**Supplied entries:**
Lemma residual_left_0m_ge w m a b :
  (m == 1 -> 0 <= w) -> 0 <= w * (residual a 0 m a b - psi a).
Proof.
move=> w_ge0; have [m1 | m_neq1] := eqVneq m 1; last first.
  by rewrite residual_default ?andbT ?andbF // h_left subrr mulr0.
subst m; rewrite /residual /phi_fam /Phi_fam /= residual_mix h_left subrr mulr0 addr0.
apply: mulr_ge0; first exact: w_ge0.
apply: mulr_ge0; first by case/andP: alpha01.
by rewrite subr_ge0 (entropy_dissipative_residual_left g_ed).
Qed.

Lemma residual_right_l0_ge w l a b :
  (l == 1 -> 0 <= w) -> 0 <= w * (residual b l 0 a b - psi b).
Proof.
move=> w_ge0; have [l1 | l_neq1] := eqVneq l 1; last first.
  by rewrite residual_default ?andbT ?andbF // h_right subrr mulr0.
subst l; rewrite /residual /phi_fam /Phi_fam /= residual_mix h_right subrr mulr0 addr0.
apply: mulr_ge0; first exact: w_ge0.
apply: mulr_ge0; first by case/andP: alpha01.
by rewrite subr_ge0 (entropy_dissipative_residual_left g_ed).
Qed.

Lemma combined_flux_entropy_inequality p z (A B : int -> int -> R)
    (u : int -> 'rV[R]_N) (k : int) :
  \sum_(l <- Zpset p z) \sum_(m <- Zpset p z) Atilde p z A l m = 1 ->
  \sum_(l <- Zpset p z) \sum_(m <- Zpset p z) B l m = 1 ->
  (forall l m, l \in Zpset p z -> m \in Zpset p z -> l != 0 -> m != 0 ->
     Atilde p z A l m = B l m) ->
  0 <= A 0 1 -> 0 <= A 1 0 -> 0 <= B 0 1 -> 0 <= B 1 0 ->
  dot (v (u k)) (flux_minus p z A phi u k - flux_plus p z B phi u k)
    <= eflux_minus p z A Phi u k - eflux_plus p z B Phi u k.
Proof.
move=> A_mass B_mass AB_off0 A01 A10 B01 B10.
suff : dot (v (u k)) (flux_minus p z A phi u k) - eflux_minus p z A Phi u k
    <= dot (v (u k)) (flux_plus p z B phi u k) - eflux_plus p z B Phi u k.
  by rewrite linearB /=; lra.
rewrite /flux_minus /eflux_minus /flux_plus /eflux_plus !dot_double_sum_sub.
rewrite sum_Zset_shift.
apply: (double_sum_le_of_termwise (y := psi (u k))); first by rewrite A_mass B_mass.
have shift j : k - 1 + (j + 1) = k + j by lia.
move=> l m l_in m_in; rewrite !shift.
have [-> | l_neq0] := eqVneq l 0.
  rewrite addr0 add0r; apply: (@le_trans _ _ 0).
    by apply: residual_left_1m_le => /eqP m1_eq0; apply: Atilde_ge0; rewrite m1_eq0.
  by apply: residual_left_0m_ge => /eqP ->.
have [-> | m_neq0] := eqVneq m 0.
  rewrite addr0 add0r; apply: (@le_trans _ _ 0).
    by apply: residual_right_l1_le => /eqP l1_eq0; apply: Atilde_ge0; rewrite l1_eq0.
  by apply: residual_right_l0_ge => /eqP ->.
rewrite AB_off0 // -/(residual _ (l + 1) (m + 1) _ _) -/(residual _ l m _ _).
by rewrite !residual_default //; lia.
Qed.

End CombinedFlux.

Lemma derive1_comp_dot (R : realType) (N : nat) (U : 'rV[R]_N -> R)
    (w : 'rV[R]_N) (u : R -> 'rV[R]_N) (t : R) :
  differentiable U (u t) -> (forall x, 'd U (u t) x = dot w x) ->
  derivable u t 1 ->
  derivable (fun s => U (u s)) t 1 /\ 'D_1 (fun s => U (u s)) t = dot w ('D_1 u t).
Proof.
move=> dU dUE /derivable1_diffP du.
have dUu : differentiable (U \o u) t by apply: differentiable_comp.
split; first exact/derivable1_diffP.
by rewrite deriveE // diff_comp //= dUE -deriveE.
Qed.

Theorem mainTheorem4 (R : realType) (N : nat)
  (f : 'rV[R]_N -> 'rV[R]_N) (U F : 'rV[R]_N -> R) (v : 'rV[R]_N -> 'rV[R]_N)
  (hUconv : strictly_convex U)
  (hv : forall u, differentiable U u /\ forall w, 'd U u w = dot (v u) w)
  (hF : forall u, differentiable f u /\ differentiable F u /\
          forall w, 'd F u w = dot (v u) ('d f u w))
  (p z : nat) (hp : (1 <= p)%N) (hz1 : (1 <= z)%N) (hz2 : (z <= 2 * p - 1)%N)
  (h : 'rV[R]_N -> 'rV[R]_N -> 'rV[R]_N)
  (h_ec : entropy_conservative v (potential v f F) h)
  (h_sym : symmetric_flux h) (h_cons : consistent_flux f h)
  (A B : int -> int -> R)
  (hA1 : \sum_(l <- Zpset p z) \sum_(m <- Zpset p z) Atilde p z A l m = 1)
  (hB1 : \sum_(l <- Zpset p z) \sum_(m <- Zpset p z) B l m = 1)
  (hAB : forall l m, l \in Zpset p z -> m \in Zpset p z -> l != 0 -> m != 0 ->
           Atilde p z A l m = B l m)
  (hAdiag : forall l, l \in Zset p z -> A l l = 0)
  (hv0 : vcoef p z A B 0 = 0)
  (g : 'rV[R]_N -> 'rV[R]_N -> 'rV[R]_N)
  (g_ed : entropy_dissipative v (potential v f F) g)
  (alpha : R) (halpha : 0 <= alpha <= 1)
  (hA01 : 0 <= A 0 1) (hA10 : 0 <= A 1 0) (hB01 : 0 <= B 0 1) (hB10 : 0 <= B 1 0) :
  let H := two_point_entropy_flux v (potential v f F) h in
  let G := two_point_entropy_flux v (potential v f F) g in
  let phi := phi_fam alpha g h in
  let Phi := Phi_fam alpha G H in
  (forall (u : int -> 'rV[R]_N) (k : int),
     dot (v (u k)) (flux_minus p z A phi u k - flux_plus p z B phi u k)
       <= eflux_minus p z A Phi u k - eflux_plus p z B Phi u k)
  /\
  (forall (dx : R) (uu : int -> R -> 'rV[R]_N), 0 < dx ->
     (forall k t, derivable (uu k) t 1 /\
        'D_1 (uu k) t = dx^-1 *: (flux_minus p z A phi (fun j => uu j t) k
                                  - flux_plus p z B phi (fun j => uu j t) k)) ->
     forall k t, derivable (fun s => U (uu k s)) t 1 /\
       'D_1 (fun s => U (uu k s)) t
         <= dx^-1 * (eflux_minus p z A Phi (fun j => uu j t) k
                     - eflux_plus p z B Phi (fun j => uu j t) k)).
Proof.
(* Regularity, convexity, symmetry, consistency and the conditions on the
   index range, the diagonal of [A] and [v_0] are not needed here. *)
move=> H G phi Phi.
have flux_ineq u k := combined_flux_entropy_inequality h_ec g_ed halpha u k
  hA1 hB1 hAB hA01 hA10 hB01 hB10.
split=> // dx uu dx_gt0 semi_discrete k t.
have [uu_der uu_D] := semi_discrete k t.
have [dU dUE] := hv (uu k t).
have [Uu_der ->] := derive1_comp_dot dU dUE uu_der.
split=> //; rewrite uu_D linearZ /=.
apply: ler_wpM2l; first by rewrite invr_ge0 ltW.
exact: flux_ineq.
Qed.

--

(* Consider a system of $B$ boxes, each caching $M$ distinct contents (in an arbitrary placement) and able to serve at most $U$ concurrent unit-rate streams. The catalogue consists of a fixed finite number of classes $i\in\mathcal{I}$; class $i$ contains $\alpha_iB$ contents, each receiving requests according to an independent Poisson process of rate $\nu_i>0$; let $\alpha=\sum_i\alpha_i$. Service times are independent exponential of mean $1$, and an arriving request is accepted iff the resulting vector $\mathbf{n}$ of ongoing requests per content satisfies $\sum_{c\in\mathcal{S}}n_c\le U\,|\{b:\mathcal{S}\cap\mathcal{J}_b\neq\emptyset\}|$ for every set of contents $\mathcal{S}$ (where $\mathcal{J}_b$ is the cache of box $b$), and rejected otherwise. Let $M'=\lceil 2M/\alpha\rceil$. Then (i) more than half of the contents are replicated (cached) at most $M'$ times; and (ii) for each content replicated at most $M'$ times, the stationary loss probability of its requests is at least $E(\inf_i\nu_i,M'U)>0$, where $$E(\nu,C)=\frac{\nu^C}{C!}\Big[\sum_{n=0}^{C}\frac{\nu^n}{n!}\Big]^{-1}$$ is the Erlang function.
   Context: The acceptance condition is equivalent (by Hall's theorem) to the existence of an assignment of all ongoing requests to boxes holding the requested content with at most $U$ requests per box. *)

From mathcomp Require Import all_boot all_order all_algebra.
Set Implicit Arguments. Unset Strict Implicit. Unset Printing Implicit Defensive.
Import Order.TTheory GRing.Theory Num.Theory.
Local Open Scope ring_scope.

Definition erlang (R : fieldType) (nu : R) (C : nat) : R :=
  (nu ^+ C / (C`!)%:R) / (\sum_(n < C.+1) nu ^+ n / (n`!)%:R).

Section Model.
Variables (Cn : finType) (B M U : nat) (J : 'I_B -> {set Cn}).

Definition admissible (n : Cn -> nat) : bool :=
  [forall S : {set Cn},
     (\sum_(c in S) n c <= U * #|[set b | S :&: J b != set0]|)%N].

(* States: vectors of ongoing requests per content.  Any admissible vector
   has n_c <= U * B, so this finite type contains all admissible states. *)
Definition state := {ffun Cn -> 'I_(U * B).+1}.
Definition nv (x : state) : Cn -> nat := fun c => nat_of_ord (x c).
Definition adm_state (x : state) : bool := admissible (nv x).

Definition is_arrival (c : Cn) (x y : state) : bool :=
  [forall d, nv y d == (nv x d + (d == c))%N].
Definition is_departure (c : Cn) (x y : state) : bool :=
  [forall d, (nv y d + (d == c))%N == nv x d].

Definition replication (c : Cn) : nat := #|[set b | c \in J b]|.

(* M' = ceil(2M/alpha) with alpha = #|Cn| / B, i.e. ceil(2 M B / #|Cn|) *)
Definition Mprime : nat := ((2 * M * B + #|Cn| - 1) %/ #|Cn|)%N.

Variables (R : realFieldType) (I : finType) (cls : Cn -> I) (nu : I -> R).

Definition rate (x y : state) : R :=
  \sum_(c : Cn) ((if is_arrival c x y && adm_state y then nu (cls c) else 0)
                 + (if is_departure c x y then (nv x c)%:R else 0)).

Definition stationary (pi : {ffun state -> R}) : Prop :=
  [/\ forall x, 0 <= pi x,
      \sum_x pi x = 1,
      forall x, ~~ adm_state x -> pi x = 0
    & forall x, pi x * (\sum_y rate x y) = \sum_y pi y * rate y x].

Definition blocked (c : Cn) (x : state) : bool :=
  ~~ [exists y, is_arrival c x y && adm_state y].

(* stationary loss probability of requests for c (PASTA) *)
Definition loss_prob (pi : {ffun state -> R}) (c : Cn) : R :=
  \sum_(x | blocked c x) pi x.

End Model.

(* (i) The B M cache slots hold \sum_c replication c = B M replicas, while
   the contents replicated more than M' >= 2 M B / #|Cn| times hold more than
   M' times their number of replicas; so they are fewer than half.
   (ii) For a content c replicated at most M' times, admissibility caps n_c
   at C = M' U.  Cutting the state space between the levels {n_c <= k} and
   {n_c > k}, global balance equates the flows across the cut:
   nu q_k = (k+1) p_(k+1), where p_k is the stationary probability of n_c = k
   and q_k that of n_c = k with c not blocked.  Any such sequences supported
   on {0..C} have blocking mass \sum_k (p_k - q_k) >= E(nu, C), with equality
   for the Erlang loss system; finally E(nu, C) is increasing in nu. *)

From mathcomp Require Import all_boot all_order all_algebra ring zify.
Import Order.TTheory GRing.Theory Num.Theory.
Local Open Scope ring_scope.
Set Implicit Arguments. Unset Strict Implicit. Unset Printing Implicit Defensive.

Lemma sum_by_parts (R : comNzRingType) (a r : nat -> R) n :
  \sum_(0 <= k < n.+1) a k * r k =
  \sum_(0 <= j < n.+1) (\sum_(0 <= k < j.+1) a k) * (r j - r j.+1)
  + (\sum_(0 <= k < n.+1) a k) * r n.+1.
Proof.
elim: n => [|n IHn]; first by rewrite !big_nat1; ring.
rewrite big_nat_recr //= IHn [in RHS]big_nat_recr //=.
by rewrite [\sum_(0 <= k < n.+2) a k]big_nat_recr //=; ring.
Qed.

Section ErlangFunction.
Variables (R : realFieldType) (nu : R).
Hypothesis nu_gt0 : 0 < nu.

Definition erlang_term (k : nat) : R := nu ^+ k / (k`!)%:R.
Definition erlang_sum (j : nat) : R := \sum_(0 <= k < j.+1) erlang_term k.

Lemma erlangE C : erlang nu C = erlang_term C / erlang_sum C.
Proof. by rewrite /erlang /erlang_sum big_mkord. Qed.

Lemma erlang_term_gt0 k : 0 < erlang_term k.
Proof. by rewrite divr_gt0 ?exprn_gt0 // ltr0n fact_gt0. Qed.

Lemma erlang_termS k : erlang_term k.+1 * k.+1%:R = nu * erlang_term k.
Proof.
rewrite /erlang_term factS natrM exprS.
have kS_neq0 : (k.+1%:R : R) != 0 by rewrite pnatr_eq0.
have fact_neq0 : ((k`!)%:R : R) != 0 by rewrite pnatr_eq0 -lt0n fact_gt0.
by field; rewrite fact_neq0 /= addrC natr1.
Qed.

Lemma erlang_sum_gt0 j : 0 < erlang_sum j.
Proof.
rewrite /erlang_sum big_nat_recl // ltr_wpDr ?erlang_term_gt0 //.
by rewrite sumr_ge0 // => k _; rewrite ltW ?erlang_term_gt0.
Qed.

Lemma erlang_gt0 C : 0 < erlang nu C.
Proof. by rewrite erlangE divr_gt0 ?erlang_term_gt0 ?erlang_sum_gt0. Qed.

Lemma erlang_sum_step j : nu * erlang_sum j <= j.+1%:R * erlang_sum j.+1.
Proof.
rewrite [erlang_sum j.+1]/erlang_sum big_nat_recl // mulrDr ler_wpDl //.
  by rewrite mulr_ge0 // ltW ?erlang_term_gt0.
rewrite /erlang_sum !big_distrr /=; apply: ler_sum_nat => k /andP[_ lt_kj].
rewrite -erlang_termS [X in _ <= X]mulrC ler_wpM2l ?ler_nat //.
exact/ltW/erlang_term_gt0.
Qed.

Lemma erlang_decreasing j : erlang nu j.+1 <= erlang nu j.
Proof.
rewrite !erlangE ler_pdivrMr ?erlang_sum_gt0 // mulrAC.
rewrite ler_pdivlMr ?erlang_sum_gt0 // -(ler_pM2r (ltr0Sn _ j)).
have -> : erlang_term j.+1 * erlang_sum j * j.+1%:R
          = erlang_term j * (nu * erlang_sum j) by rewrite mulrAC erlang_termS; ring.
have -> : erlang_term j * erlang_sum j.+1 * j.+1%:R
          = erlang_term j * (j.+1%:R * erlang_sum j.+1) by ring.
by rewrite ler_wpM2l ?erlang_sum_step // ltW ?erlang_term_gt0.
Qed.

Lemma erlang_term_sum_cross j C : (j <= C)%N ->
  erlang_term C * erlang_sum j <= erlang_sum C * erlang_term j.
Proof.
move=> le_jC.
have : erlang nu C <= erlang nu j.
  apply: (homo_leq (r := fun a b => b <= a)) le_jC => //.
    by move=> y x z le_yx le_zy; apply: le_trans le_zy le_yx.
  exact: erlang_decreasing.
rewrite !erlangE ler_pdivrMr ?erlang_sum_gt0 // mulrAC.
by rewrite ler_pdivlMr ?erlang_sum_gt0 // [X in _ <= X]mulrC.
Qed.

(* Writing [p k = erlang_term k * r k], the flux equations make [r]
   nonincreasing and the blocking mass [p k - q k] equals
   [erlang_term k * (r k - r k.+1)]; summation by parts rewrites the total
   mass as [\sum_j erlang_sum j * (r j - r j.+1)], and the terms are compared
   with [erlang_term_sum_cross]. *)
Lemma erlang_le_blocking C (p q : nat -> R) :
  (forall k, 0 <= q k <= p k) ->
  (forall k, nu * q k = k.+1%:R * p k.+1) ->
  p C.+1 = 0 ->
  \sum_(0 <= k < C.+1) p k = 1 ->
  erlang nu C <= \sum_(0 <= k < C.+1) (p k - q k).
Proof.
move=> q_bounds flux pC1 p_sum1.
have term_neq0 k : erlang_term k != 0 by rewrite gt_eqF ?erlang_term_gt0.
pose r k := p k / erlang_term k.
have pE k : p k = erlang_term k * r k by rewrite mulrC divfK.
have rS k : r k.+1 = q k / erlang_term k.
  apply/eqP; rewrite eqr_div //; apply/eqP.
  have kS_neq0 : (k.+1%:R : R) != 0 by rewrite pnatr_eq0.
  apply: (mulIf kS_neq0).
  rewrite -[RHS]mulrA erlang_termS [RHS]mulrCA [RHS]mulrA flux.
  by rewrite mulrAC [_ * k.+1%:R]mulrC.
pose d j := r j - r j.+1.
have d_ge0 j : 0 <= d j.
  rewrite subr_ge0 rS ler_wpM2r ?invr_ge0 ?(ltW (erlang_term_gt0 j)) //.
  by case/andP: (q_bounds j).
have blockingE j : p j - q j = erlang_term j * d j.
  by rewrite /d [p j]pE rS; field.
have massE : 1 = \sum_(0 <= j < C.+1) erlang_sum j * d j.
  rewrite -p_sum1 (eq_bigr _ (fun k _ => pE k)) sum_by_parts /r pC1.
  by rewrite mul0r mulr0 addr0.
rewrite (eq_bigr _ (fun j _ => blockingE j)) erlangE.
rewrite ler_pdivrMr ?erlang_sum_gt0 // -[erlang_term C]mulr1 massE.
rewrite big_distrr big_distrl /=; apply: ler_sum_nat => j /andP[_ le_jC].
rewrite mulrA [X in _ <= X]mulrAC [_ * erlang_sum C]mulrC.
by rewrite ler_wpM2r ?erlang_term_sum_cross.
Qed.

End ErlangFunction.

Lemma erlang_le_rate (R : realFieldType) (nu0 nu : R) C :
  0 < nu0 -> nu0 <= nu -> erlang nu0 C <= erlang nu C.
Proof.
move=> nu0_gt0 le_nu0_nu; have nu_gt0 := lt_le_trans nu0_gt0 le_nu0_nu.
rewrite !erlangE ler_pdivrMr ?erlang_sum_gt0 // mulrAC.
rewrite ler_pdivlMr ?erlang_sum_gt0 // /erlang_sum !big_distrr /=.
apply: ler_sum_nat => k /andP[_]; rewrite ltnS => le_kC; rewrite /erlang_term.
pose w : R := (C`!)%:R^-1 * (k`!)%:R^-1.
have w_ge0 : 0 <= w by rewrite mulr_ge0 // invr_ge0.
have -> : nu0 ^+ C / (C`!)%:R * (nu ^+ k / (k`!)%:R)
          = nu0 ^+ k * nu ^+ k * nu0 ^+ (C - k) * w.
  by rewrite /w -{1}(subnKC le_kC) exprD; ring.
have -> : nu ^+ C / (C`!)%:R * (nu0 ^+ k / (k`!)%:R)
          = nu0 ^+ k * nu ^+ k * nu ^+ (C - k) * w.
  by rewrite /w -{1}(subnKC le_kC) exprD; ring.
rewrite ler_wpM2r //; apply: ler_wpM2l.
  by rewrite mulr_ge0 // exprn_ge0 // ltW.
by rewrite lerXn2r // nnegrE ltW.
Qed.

--

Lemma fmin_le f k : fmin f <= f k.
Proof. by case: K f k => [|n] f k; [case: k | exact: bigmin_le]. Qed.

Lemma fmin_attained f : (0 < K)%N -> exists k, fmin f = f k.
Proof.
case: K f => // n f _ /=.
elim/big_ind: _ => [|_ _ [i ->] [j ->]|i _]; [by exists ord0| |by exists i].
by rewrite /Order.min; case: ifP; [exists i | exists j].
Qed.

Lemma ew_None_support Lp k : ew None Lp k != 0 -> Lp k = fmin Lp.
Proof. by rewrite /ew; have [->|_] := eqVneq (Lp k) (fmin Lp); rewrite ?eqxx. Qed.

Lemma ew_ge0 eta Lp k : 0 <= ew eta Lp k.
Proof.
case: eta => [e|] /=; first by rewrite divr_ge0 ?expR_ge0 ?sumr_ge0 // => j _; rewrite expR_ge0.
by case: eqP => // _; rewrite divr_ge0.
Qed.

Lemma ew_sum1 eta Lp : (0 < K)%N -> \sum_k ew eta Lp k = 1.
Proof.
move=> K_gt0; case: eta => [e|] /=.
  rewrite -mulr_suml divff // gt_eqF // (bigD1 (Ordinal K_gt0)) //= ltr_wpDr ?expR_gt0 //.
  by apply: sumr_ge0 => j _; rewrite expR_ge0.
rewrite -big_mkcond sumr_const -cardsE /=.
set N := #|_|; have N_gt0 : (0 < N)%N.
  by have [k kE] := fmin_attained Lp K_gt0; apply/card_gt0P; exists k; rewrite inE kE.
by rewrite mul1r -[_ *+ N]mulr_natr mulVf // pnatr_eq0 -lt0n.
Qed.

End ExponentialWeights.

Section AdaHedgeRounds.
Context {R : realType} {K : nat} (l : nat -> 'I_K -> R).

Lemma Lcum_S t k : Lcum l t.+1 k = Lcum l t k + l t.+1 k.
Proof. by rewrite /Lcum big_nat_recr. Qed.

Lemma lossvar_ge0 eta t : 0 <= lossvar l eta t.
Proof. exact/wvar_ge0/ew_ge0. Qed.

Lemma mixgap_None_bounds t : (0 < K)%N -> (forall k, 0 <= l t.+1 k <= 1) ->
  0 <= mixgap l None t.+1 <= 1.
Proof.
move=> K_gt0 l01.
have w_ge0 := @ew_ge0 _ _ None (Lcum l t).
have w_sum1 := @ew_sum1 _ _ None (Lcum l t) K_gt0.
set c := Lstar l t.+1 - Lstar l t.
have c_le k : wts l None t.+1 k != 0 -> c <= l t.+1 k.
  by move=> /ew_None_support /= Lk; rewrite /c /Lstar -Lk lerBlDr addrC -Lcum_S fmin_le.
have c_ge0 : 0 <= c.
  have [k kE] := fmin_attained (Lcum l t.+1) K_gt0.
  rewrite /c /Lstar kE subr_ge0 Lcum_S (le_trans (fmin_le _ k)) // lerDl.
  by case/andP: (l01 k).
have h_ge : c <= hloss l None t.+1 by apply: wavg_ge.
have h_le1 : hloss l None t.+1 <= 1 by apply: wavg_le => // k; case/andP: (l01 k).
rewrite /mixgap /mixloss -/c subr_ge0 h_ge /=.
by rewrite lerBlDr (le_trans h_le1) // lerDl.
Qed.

**About this exercise:** Go to the line with "a k) * r n.+1." in the entries above and repeat every line from there through the line with "rewrite ler_pdivlMr ?erlang_sum_gt0 // -(ler_pM2r", exactly and with no other text.

**Result:**
  + (\sum_(0 <= k < n.+1) a k) * r n.+1.
Proof.
elim: n => [|n IHn]; first by rewrite !big_nat1; ring.
rewrite big_nat_recr //= IHn [in RHS]big_nat_recr //=.
by rewrite [\sum_(0 <= k < n.+2) a k]big_nat_recr //=; ring.
Qed.

Section ErlangFunction.
Variables (R : realFieldType) (nu : R).
Hypothesis nu_gt0 : 0 < nu.

Definition erlang_term (k : nat) : R := nu ^+ k / (k`!)%:R.
Definition erlang_sum (j : nat) : R := \sum_(0 <= k < j.+1) erlang_term k.

Lemma erlangE C : erlang nu C = erlang_term C / erlang_sum C.
Proof. by rewrite /erlang /erlang_sum big_mkord. Qed.

Lemma erlang_term_gt0 k : 0 < erlang_term k.
Proof. by rewrite divr_gt0 ?exprn_gt0 // ltr0n fact_gt0. Qed.

Lemma erlang_termS k : erlang_term k.+1 * k.+1%:R = nu * erlang_term k.
Proof.
rewrite /erlang_term factS natrM exprS.
have kS_neq0 : (k.+1%:R : R) != 0 by rewrite pnatr_eq0.
have fact_neq0 : ((k`!)%:R : R) != 0 by rewrite pnatr_eq0 -lt0n fact_gt0.
by field; rewrite fact_neq0 /= addrC natr1.
Qed.

Lemma erlang_sum_gt0 j : 0 < erlang_sum j.
Proof.
rewrite /erlang_sum big_nat_recl // ltr_wpDr ?erlang_term_gt0 //.
by rewrite sumr_ge0 // => k _; rewrite ltW ?erlang_term_gt0.
Qed.

Lemma erlang_gt0 C : 0 < erlang nu C.
Proof. by rewrite erlangE divr_gt0 ?erlang_term_gt0 ?erlang_sum_gt0. Qed.

Lemma erlang_sum_step j : nu * erlang_sum j <= j.+1%:R * erlang_sum j.+1.
Proof.
rewrite [erlang_sum j.+1]/erlang_sum big_nat_recl // mulrDr ler_wpDl //.
  by rewrite mulr_ge0 // ltW ?erlang_term_gt0.
rewrite /erlang_sum !big_distrr /=; apply: ler_sum_nat => k /andP[_ lt_kj].
rewrite -erlang_termS [X in _ <= X]mulrC ler_wpM2l ?ler_nat //.
exact/ltW/erlang_term_gt0.
Qed.

Lemma erlang_decreasing j : erlang nu j.+1 <= erlang nu j.
Proof.
rewrite !erlangE ler_pdivrMr ?erlang_sum_gt0 // mulrAC.
rewrite ler_pdivlMr ?erlang_sum_gt0 // -(ler_pM2r (ltr0Sn _ j)).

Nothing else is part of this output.